In Sultanpur, a remote village in northern Bangladesh, many people  live off the land or work odd jobs to make ends meet.

Until recently, Prosanto’s poverty burdened him with a sense of inferiority—toward villagers, and even toward his peers at school. An invisible wall separated him from the life he wanted; from friends and dreams of a better life. 

Hunger was an issue, too.

“Very often I went to school without having any food. I was hungry and could not concentrate in the classes,” Prosanto says. 

His parents struggled to pay for school, so Prosanto sometimes skipped school to earn a paycheck in the field. But he refused to drop out. 

Things began to change when Prosanto started going to student gatherings that local World Vision staff members organized. The more he went, the more he saw an opportunity to pursue his dream. Because of his eagerness to engage, Prosanto got the chance to participate in World Vision’s life-skill-training course. 

Through discussion groups, role-playing, and games, he learned to communicate more effectively, think more critically, and express ideas creatively. He and his classmates exercised these new skills while learning about issues pertinent to teenagers, such as the risks of early marriage, HIV and AIDS, drug addiction, and child trafficking. 

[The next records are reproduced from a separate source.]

Lemma dist_le_leq E a b k k' : k <= k' -> dist_le E a b k -> dist_le E a b k'.
Proof. by move=> kk [p [Wp Sp]]; exists p; split=> //; apply: leq_trans kk. Qed.

Lemma dist_le_cat E a b c k l :
  dist_le E a b k -> dist_le E b c l -> dist_le E a c (k + l).
Proof.
move=> [p [Wp Sp]] [q [Wq Sq]]; exists (p ++ q).
by rewrite size_cat leq_add // (walk_cat Wp Wq).
Qed.

Lemma dist_leC E a b k : dist_le E a b k -> dist_le E b a k.
Proof.
move=> [p [Wp Sp]]; exists (rev (belast a p)).
by rewrite size_rev size_belast (walk_rev Wp).
Qed.

Lemma dist_le_adj E a b : adj E a b -> dist_le E a b 1.
Proof. by move=> e; exists [:: b]; rewrite /walk /= e eqxx. Qed.

Lemma is_dist_leq E a b d k : is_dist E a b d -> dist_le E a b k -> d <= k.
Proof. by move=> [_ min] [p [Wp Sp]]; apply: leq_trans (min p Wp) Sp. Qed.

Lemma is_dist_uniq E a b d1 d2 : is_dist E a b d1 -> is_dist E a b d2 -> d1 = d2.
Proof.
move=> D1 D2; apply/eqP; rewrite eqn_leq (is_dist_leq D1 D2.1).
exact: is_dist_leq D2 D1.1.
Qed.

Lemma dist_le_is_dist E a b k :
  dist_le E a b k -> exists2 d, is_dist E a b d & d <= k.
Proof.
elim: k => [|k IH] Dk; first by exists 0.
case: (boolp.pselect (dist_le E a b k)) => [/IH [d Dd dk]|nDk].
  by exists d => //; apply: leq_trans dk _.
exists k.+1 => //; split=> // p Wp; rewrite ltnNge; apply/negP => sp.
by apply: nDk; exists p.
Qed.

(* the i-th node of the walk u :: p, so that node 0 is u and node (size p) its end *)
Definition path_node u p i := last u (take i p).

Lemma size_path_edges u p : size (path_edges u p) = size p.
Proof. by elim: p u => //= y q IH u; rewrite IH. Qed.

Lemma nth_path_edges u p i : i < size p ->
  nth set0 (path_edges u p) i = [set path_node u p i; path_node u p i.+1].
Proof.
rewrite /path_node; elim: p u i => //= y q IH u [|i] /=; first by rewrite take0.
by move=> ip; rewrite IH.
Qed.

Lemma path_edges_sub E u p : {subset path_edges u p <= E} <-> path (adj E) u p.
Proof.
elim: p u => //= y q IH u; split.
  move=> sub; apply/andP; split; first by apply: sub; rewrite inE eqxx.
  by apply/IH => e He; apply: sub; rewrite inE He orbT.
by case/andP=> e /IH sub f; rewrite inE => /orP[/eqP->|/sub].
Qed.

Lemma walk_take E u v p i : walk E u v p -> walk E u (path_node u p i) (take i p).
Proof.
move=> /andP[Pp _]; rewrite /walk /path_node eqxx andbT.
by move: Pp; rewrite -{1}(cat_take_drop i p) cat_path => /andP[].
Qed.

Lemma walk_drop E u v p i : walk E u v p -> walk E (path_node u p i) v (drop i p).
Proof.
move=> /andP[Pp Lp]; rewrite /walk /path_node.
by move: Pp Lp; rewrite -{1 2}(cat_take_drop i p) cat_path last_cat => /andP[_ ->] ->.
Qed.

End Walks.

Lemma sum_nat_mem (X : finType) (A : {set X}) : \sum_x (x \in A : nat) = #|A|.
Proof. by rewrite -sum1_card [RHS]big_mkcond; apply: eq_bigr => x _; case: (x \in A). Qed.

Lemma sum_card_le_mul_card_bigcup (I X : finType) (J : {set I}) (N : I -> {set X}) m :
    (forall x, #|[set i in J | x \in N i]| <= m) ->
  \sum_(i in J) #|N i| <= m * #|\bigcup_(i in J) N i|.
Proof.
move=> mult; pose U := \bigcup_(i in J) N i.
have -> : \sum_(i in J) #|N i| = \sum_x #|[set i in J | x \in N i]|.
  rewrite (eq_bigr (fun i => \sum_x (x \in N i : nat))) => [|i _]; last first.
    by rewrite sum_nat_mem.
  rewrite exchange_big /=; apply: eq_bigr => x _.
  by rewrite -sum_nat_mem big_mkcond; apply: eq_bigr => i _; rewrite inE; case: (i \in J).
rewrite -sum_nat_mem big_distrr /=; apply: leq_sum => x _.
case xU: (x \in U); first by rewrite muln1.
rewrite muln0 leqn0 cards_eq0; apply/eqP/setP => i; rewrite !inE.
by apply/negP => /andP[Ji Ni]; move/negbT/bigcupP: xU; apply; exists i.
Qed.

Lemma card_close_ord D (K : {set 'I_D}) :
  {in K &, forall i j : 'I_D, i <= j -> j <= i + 2} -> #|K| <= 3.
Proof.
move=> close; pose r (i : 'I_D) : 'I_3 := inord (i %% 3).
have inj : {in K &, injective r}.
  move=> i j Ki Kj /(congr1 val); rewrite /= !inordK ?ltn_pmod // => eqm.
  apply/val_inj => /=; case: (leqP i j) => ij.
    by have := close i j Ki Kj ij; lia.
  by have := close j i Kj Ki (ltnW ij); lia.
by rewrite -(card_in_imset inj); apply: leq_trans (max_card _) _; rewrite card_ord.
Qed.

Section Potential.
Variables (T : finType) (G : {set {set T}}) (dd : nat).
Implicit Types (H : {set {set T}}) (a w : T).

Definition nbhd H a := [set y | adj H a y].
Definition deg H a := #|nbhd H a|.
Definition capped_deg_sum H := \sum_a minn (deg H a) dd.

(* d_H(a,w) <= d_G(a,w) + k; vacuous when a and w are disconnected in G *)
Definition stretch_le H a w k := forall d, is_dist G a w d -> dist_le H a w (d + k).

Definition good_triples H :=
  [set t : T * T * 'I_3 | boolp.asbool (stretch_le H t.1.1 t.1.2 t.2)].

Definition potential H := dd * capped_deg_sum H + 3 * #|good_triples H|.

Lemma nbhd_sub H H' a : H \subset H' -> nbhd H a \subset nbhd H' a.
Proof. by move=> sub; apply/subsetP => y; rewrite !inE; apply: adj_sub. Qed.

Lemma good_triples_sub H H' : H \subset H' -> good_triples H \subset good_triples H'.
Proof.
move=> sub; apply/subsetP => t; rewrite !inE => /boolp.asboolP g.
by apply/boolp.asboolP => d Dd; apply: dist_le_sub sub (g d Dd).
Qed.

Lemma potential_le H : potential H <= dd * dd * #|T| + 9 * #|T| ^ 2.
Proof.
have cap : capped_deg_sum H <= #|T| * dd.
  by rewrite -sum_nat_const; apply: leq_sum => a _; apply: geq_minr.
have tri : #|good_triples H| <= 3 * #|T| ^ 2.
  by apply: leq_trans (max_card _) _; rewrite !card_prod card_ord; lia.
by rewrite /potential; have := leq_mul (leqnn dd) cap; nia.
Qed.

Section CompletionStep.
Variables (H : {set {set T}}) (u v : T) (p : seq T).
Hypotheses (HG : H \subset G) (viol : violating 2 G H u v) (sp : shortest_path G u v p).

Let H' := H :|: [set:: path_edges u p].
Let D := size p.
Let x i := path_node u p i.

Let HH' : H \subset H'. Proof. exact: subsetUl. Qed.
Let WG : walk G u v p. Proof. exact: sp.1. Qed.
Let dG : is_dist G u v D. Proof. exact: sp.2. Qed.

Lemma completion_step_sub : H' \subset G.
Proof.
rewrite subUset HG; apply/subsetP => e; rewrite inE.
by apply: (path_edges_sub G u p).2; case/andP: WG.
Qed.

Let WH' : walk H' u v p.
Proof.
case/andP: WG => _ L; rewrite /walk L andbT; apply/path_edges_sub => e He.
by rewrite in_setU inE He orbT.
Qed.

Let prefix_le E i : walk E u v p -> i <= D -> dist_le E u (x i) i.
Proof. by move=> WE iD; exists (take i p); rewrite size_takel // (walk_take _ WE). Qed.

Let suffix_le E i : walk E u v p -> dist_le E (x i) v (D - i).
Proof. by move=> WE; exists (drop i p); rewrite size_drop (walk_drop _ WE). Qed.

Lemma common_nbr_close i j w :
  i <= j -> j <= D -> adj G (x i) w -> adj G (x j) w -> j <= i + 2.
Proof.
move=> ij jD Ai Aj.
have := dist_le_cat (dist_le_cat (dist_le_cat (prefix_le WG (leq_trans ij jD))
  (dist_le_adj Ai)) (dist_leC (dist_le_adj Aj))) (suffix_le j WG).
by move/(is_dist_leq dG); lia.
Qed.
Section Compactness.
Context {L : MultLattice}.
Implicit Types c p : L.

Lemma compact_le_directed c (D : L -> Prop) :
  compact L c -> (exists d, D d) ->
  (forall d1 d2, D d1 -> D d2 -> exists d, D d /\ d1 ⊑ d /\ d2 ⊑ d) ->
  c ⊑ bigjoin D -> exists d, D d /\ c ⊑ d.
Proof.
  intros Hc [d0 Hd0] Hdir HcD.
  assert (Hbound : forall T, (forall t, In t T -> D t) -> exists d, D d /\ list_join T ⊑ d).
  { induction T as [| t T IH]; intros HT.
    - exists d0. split; [exact Hd0 | apply bigjoin_least; intros _ []].
    - destruct IH as [d [Hd HTd]]; [intros x Hx; apply HT; right; exact Hx |].
      destruct (Hdir t d) as [e [He [Hte Hde]]]; [apply HT; left; reflexivity | exact Hd |].
      exists e. split; [exact He |]. apply bigjoin_least. intros x [<- | Hx]; [exact Hte |].
      apply le_trans with (list_join T); [apply bigjoin_ub, Hx |].
      apply le_trans with d; assumption. }
  destruct (Hc D HcD) as [T [HT HcT]]. destruct (Hbound T HT) as [d [Hd HTd]].
  exists d. split; [exact Hd | apply le_trans with (list_join T); assumption].
Qed.

Lemma compact_le_chain c (s : nat -> L) :
  compact L c -> (forall n, s n ⊑ s (S n)) -> c ⊑ seq_join s -> exists n, c ⊑ s n.
Proof.
  intros Hc Hs H. destruct (compact_le_directed c (fun z => exists n, z = s n) Hc) with (3 := H) as [d [[n ->] Hn]].
  - exists (s 0), 0. reflexivity.
  - intros d1 d2 [n1 ->] [n2 ->]. exists (s (max n1 n2)).
    split; [eexists; reflexivity | split; apply chain_le; auto; lia].
  - exists n. exact Hn.
Qed.

Lemma principal_compact (HC : is_C_lattice L) (Hdom : is_domain L) p :
  principal L p -> compact L p.
Proof.
  intros Hp. destruct (classic (p = zero L)) as [-> | Hp0].
  { intros S _. exists nil. split; [intros t [] | apply zero_le]. }
  destruct HC as [Hone [_ Hgen]]. intros S HS.
  set (D := fun d => exists T, (forall t, In t T -> S t) /\ d = list_join T ÷ p).
  assert (HD : one ⊑ bigjoin D).
  { apply (mul_cancel_le Hdom p); auto. rewrite mul1l.
    destruct (Hgen p) as [K [HK Ep]]. rewrite Ep at 1. apply bigjoin_least. intros k Hk.
    assert (Hkp : k ⊑ p) by (rewrite Ep; apply bigjoin_ub, Hk).
    destruct (HK k Hk S (le_trans _ _ _ _ Hkp HS)) as [T [HT HkT]].
    apply le_trans with (list_join T ⊓ p); [apply meet_glb; assumption |].
    rewrite meet_principal by exact Hp. apply mul_mono_l, bigjoin_ub. exists T. split; [exact HT | reflexivity]. }
  destruct (compact_le_directed one D Hone) with (3 := HD) as [d [[T [HT ->]] Hd]].
  - exists (list_join nil ÷ p), nil. split; [intros t [] | reflexivity].
  - intros d1 d2 [T1 [HT1 ->]] [T2 [HT2 ->]]. exists (list_join (T1 ++ T2) ÷ p).
    split; [exists (T1 ++ T2); split; [intros t Ht; apply in_app_or in Ht; destruct Ht; auto | reflexivity] |].
    split; apply colon_mono, bigjoin_least; intros t Ht; apply bigjoin_ub, in_or_app; auto.
  - exists T. split; [exact HT |]. apply le_trans with ((list_join T ÷ p) ⋅ p); [| apply colon_mul_le].
    rewrite <- (mul1l p) at 1. apply mul_mono_l, Hd.
Qed.
Lemma In_box (p : pt) : -3 <= fst p <= 3 -> -3 <= snd p <= 3 -> In p box.
Proof.
  destruct p as [x y]; cbn [fst snd]; intros Hx Hy. unfold box. apply in_prod; apply in_map_iff.
  - exists (Z.to_nat (x + 3)). rewrite in_seq. lia.
  - exists (Z.to_nat (y + 3)). rewrite in_seq. lia.
Qed.

(* Listing the vertices by increasing distance from 0 keeps the search tree small. *)
Definition vertices_J : list pt :=
  flat_map (fun n => filter (fun p => norm2 p =? Z.of_nat n) box) (seq 0 8).

Lemma In_vertices_J (p : pt) : In p vertices_J <-> inJ p.
Proof.
  unfold vertices_J, inJ. rewrite in_flat_map. split.
  - intros [n [Hn Hp]]. apply in_seq in Hn. apply filter_In in Hp as [_ Hp].
    apply Z.eqb_eq in Hp. lia.
  - intros Hp. assert (0 <= norm2 p) by (unfold norm2; nia).
    exists (Z.to_nat (norm2 p)). rewrite in_seq, filter_In, Z.eqb_eq, Z2Nat.id by lia.
    split; [lia|split; [|reflexivity]].
    destruct p as [x y]; unfold norm2 in *; cbn [fst snd] in *. apply In_box; cbn [fst snd]; nia.
Qed.

Definition centres_J : list pt := filter (fun c => norm2 c <=? 3) box.

Definition edge_constraints : list (list pt) :=
  flat_map (fun p => map (fun q => [p; q]) (filter (fun q => norm2 (psub p q) =? 1) vertices_J))
    vertices_J.

Definition index_triples : list (nat * nat * nat) :=
  flat_map (fun i => flat_map (fun j => map (fun l => (i, j, l)) (seq (S j) (6 - j)))
    (seq (S i) (6 - i))) (seq 0 7).

Definition triple_constraints : list (list pt) :=
  flat_map (fun c => map (fun '(i, j, l) => [Hvert c i; Hvert c j; Hvert c l]) index_triples)
    centres_J.

Section GoodColouring.
Variable col : pt -> nat.
Hypothesis Hproper : proper_4col_J col.
Hypothesis Hnomono : forall c : pt, norm2 c <= 3 -> no_mono_triple col c.

Lemma edge_constraint_not_monochromatic (cs : list pt) (l : list pt) :
  In cs edge_constraints -> monochromatic (restrict col l) cs = false.
Proof.
  unfold edge_constraints. rewrite in_flat_map. intros [p [Hp Hcs]].
  apply in_map_iff in Hcs as [q [<- Hq]]. apply filter_In in Hq as [Hq Hpq].
  apply Bool.not_true_iff_false. intros Hm.
  apply (proj2 Hproper p q).
  - exact (proj1 (In_vertices_J p) Hp).
  - exact (proj1 (In_vertices_J q) Hq).
  - now apply Z.eqb_eq.
  - symmetry. apply (monochromatic_restrict col l p [q] Hm). now left.
Qed.

Lemma triple_constraint_not_monochromatic (cs : list pt) (l : list pt) :
  In cs triple_constraints -> monochromatic (restrict col l) cs = false.
Proof.
  unfold triple_constraints. rewrite in_flat_map. intros [c [Hc Hcs]].
  apply filter_In in Hc as [_ Hc]. apply Z.leb_le in Hc.
  apply in_map_iff in Hcs as [[[i j] k] [<- Hijk]].
  unfold index_triples in Hijk. rewrite in_flat_map in Hijk. destruct Hijk as [i' [Hi Hijk]].
  rewrite in_flat_map in Hijk. destruct Hijk as [j' [Hj Hijk]].
  apply in_map_iff in Hijk as [k' [[= -> -> ->] Hk]]. rewrite in_seq in Hi, Hj, Hk.
  apply Bool.not_true_iff_false. intros Hm.
  pose proof (monochromatic_restrict col l _ _ Hm) as Heq.
  apply (Hnomono c Hc i j k); try lia.
  rewrite (Heq (Hvert c j)), (Heq (Hvert c k)) by (simpl; auto). auto.
Qed.

End GoodColouring.

Definition xor3_cases (a : colouring) : bool :=
  let c := colour_of a in xor3 (caseAb c) (caseBb c) (caseCb c).

Lemma search_J_succeeds :
  search xor3_cases (schedule (edge_constraints ++ triple_constraints) [] vertices_J) [] = true.
Proof. vm_compute. reflexivity. Qed.

Lemma xor3_cases_good_colouring (col : pt -> nat)
  (Hproper : proper_4col_J col)
  (Hnomono : forall c : pt, norm2 c <= 3 -> no_mono_triple col c) :
  xor3_cases (restrict col (rev vertices_J)) = true.
Proof.
  assert (Hsched : forall p css,
    In (p, css) (schedule (edge_constraints ++ triple_constraints) [] vertices_J) ->
    (col p < 4)%nat /\ forall cs l, In cs css -> monochromatic (restrict col l) cs = false).
  { intros p css Hp. apply In_schedule in Hp as [Hp Hincl]. split.
    - exact (proj1 Hproper p (proj1 (In_vertices_J p) Hp)).
    - intros cs l Hcs. apply Hincl, in_app_or in Hcs as [Hcs|Hcs].
      + exact (edge_constraint_not_monochromatic col Hproper cs l Hcs).
      + exact (triple_constraint_not_monochromatic col Hnomono cs l Hcs). }
  pose proof (search_sound xor3_cases col _ [] Hsched search_J_succeeds) as Haccept.
  now rewrite schedule_vertices, app_nil_r in Haccept.
Qed.
Lemma ValAdh_subseq (un : nat -> R) l : ValAdh un l ->
  exists phi : nat -> nat, (forall j, (j <= phi j)%nat) /\ Un_cv (fun j => un (phi j)) l.
Proof.
move=> adh.
have near_l j : exists p, (j <= p)%nat /\ Rabs (un p - l) < / INR j.+1.
  have e0 : 0 < / INR j.+1 by apply: Rinv_0_lt_compat; apply: lt_0_INR; lia.
  have [p [jp hp]] := adh (disc l (mkposreal _ e0)) j (ex_intro _ (mkposreal _ e0) (fun y h => h)).
  by exists p; split => //; apply/leP.
have [phi hphi] := choice _ near_l.
exists phi; split => [j | eps e0]; first by have [] := hphi j.
have [N [N_eps N_gt0]] := archimed_cor1 eps e0.
exists N => j jN; rewrite /R_dist; have [_ close] := hphi j.
apply: Rlt_trans close (Rle_lt_trans _ _ _ _ N_eps).
apply: Rinv_le_contravar; first exact: lt_0_INR.
by apply: le_INR; rewrite /ge in jN; lia.
Qed.

Lemma bounded_seq_subseq_cv (un : nat -> R) M : (forall j, Rabs (un j) <= M) ->
  exists (phi : nat -> nat) l, (forall j, (j <= phi j)%nat) /\ Un_cv (fun j => un (phi j)) l.
Proof.
move=> unM.
have unM' j : -M <= un j <= M.
  by have := Rle_abs (un j); have := Rle_abs (- un j); rewrite Rabs_Ropp; have := unM j; lra.
have [l adh] := Bolzano_Weierstrass un _ (compact_P3 (-M) M) unM'.
by have [phi ?] := ValAdh_subseq un l adh; exists phi, l.
Qed.
Definition is_MS0 (G : finZmodType) (Omega : {set G}) (m n s k c : nat)
    (A : 'I_c -> pfarray G m n) : Prop :=
  (forall a i j x, A a i j = Some x -> x \in Omega) /\
      (forall x, x \in Omega ->
         #|[set t : 'I_c * 'I_m * 'I_n | A t.1.1 t.1.2 t.2 == Some x]| = 1%N) /\
      (forall a i, #|[set j : 'I_n | A a i j != None]| = s) /\
      (forall a j, #|[set i : 'I_m | A a i j != None]| = k) /\
      (forall a i, \sum_(j < n) odflt 0 (A a i j) = 0) /\
      (forall a j, \sum_(i < m) odflt 0 (A a i j) = 0).

Definition MS0_exists (G : finZmodType) (Omega : {set G}) (m n s k c : nat) : Prop :=
  exists A : 'I_c -> pfarray G m n, is_MS0 Omega s k A.

(* For n = 1
   a row is a single entry, which must be 0; for n = 2 the first row and the
   first column force the two off-diagonal entries to coincide.
   Conversely, it suffices to choose for every array a first row e of zero sum
   and to take -e as second row: the columns then vanish, and the c first rows
   must contain exactly one of x, -x for each nonzero x of Z_N, N = 2nc + 1.
   These rows are built over the integers, with absolute values running through
   1..nc and row sums in {0, N, -N}.  For n = 3 the pairs (x, y) of a Skolem or
   hooked Skolem sequence of order c give the rows (y - x, c + x, -(c + y)).
   For n >= 4, column j runs through the band jc + 1, ..., jc + c, with signs
   repeating in blocks of four columns that add the same amount to every row,
   and one or two special columns, depending on n mod 4, bring the row sums to
   0 or +-N. *)

From mathcomp Require Import all_boot all_order all_algebra zify.

Set Implicit Arguments.
Unset Strict Implicit.
Unset Printing Implicit Defensive.

Import GRing.Theory Num.Theory.

Section Filled.
Local Open Scope ring_scope.
Variables (G : finZmodType) (Omega : {set G}).

Lemma MS0_filled m n k c (A : 'I_c -> pfarray G m n) a i j :
  is_MS0 Omega n k A -> A a i j != None.
Proof.
case=> _ [_ [rows _]].
have: [set j | A a i j != None] = setT.
  by apply/eqP; rewrite eqEcard subsetT cardsT card_ord rows leqnn.
by move/setP/(_ j); rewrite !inE.
Qed.

Lemma no_MS0_1col m k c :
  0 \notin Omega -> (0 < m)%N -> (0 < c)%N -> ~ MS0_exists Omega m 1 1 k c.
Proof.
move=> Omega0 m_gt0 c_gt0 [A MS]; have [inO [_ [_ [_ [rsum _]]]]] := MS.
pose a := Ordinal c_gt0; pose i := Ordinal m_gt0.
case Aij: (A a i ord0) (MS0_filled a i ord0 MS) => [x|] // _.
have:= rsum a i; rewrite big_ord1 Aij /= => x0.
by move: (inO _ _ _ _ Aij); rewrite x0 (negPf Omega0).
Qed.

Lemma no_MS0_2x2 k c : (0 < c)%N -> ~ MS0_exists Omega 2 2 2 k c.
Proof.
move=> c_gt0 [A MS]; have [inO [once [_ [_ [rsum csum]]]]] := MS.
pose a := Ordinal c_gt0.
have sum2 (f : 'I_2 -> G) : \sum_(i < 2) f i = f 0 + f 1.
  by rewrite big_ord_recl big_ord1; congr (_ + f _); apply: val_inj.
case A00: (A a 0 0) (MS0_filled a 0 0 MS) => [w|] // _.
case A01: (A a 0 1) (MS0_filled a 0 1 MS) => [x|] // _.
case A10: (A a 1 0) (MS0_filled a 1 0 MS) => [y|] // _.
have wx : w + x = 0 by have:= rsum a 0; rewrite sum2 A00 A01.
have wy : w + y = 0 by have:= csum a 0; rewrite sum2 A00 A10.
have yx : y = x by apply: (addrI w); rewrite wx wy.
have: (1 < #|[set t | A t.1.1 t.1.2 t.2 == Some x]|)%N.
  apply: leq_trans (subset_leq_card (_ : [set (a, 0, 1); (a, 1, 0)] \subset _)).
    by rewrite cards2.
  by apply/subsetP => t; rewrite !inE => /orP[] /eqP ->; rewrite /= ?A01 ?A10 ?yx.
by rewrite once // (inO _ _ _ _ A01).
Qed.

End Filled.

Section HalfArrays.
Local Open Scope ring_scope.
Variables (G : finZmodType) (n c : nat).

Lemma MS0_of_half_set (e : 'I_c -> 'I_n -> G) :
  #|G| = (2 * n * c).+1 ->
  injective (fun t : 'I_c * 'I_n => e t.1 t.2) ->
  (forall a j a' j', e a j != - e a' j') ->
  (forall a, \sum_(j < n) e a j = 0) ->
  MS0_exists [set x : G | x != 0] 2 n n 2 c.
Proof.
move=> cardG e_inj e_opp e_sum.
pose f (t : 'I_c * 'I_2 * 'I_n) := if val t.1.2 == 0%N then e t.1.1 t.2 else - e t.1.1 t.2.
exists (fun a i j => Some (f (a, i, j))).
have f_neq0 t : f t != 0.
  have e_neq0 a j : e a j != 0 by apply: contraNneq (e_opp a j a j) => ->; rewrite oppr0.
  by rewrite /f; case: ifP; rewrite ?oppr_eq0 e_neq0.
have f_inj : injective f.
  move=> [[a i] j] [[a' i'] j']; rewrite /f /=.
  case: i => [[|[|//]] ?]; case: i' => [[|[|//]] ?] /=.
  - by move/(e_inj (a, j) (a', j')) => [-> ->]; congr (_, _, _); apply: val_inj.
  - by move=> eq; have:= e_opp a j a' j'; rewrite eq eqxx.
  - by move=> eq; have:= e_opp a' j' a j; rewrite -eq eqxx.
  - by move/oppr_inj/(e_inj (a, j) (a', j')) => [-> ->]; congr (_, _, _); apply: val_inj.
have f_onto : f @: setT = [set x : G | x != 0].
  apply/eqP; rewrite eqEcard; apply/andP; split.
    by apply/subsetP => _ /imsetP[t _ ->]; rewrite inE f_neq0.
  rewrite card_imset // cardsT !card_prod !card_ord.
  rewrite (_ : [set x : G | x != 0] = [set~ 0]); last by apply/setP => x; rewrite !inE.
  by rewrite cardsC1 cardG; lia.
split; [|split; [|split; [|split; [|split]]]].
- by move=> a i j x [<-]; rewrite inE f_neq0.
- move=> x; rewrite -f_onto => /imsetP[t0 _ ->].
  suff -> : [set t | Some (f (t.1.1, t.1.2, t.2)) == Some (f t0)] = [set t0] by rewrite cards1.
  apply/setP => t; rewrite !inE.
  by case: t => [[a i] j] /=; apply/eqP/eqP => [[/f_inj] | ->].
- by move=> a i; rewrite -[RHS]card_ord -cardsT; congr #|_|; apply/setP => j; rewrite !inE.
- by move=> a j; rewrite -[RHS]card_ord -cardsT; congr #|_|; apply/setP => i; rewrite !inE.
- move=> a [[|[|//]] ?]; rewrite /f /=; first exact: e_sum.
  by rewrite sumrN e_sum oppr0.
- by move=> a j; rewrite big_ord_recl big_ord1 /f /= addrN.
Qed.
End HalfArrays.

"Kids like Prosanto come alive when they join life-skills courses," says Laura Bramon, a World Vision child protection and education expert. "They meet adults who recognize, applaud, and steward their gifts. They learn that their lives have worth, and that if they suffer violence, there are caring people to whom they can turn."

Prosanto was surprised to find changes in his own life within one month. “I found myself speaking openly with all without any hesitation and with confidence,” he says.

Now, Prosanto helps train his peers in the same life-skills program.  

“Life-skills-based education has changed my life,” Prosanto says. 

The United Nations says nearly half —621 million—of the world’s youth ages 15 to 24 years are not educated, employed, or in training. Youth today are three times more likely to be unemployed than adults.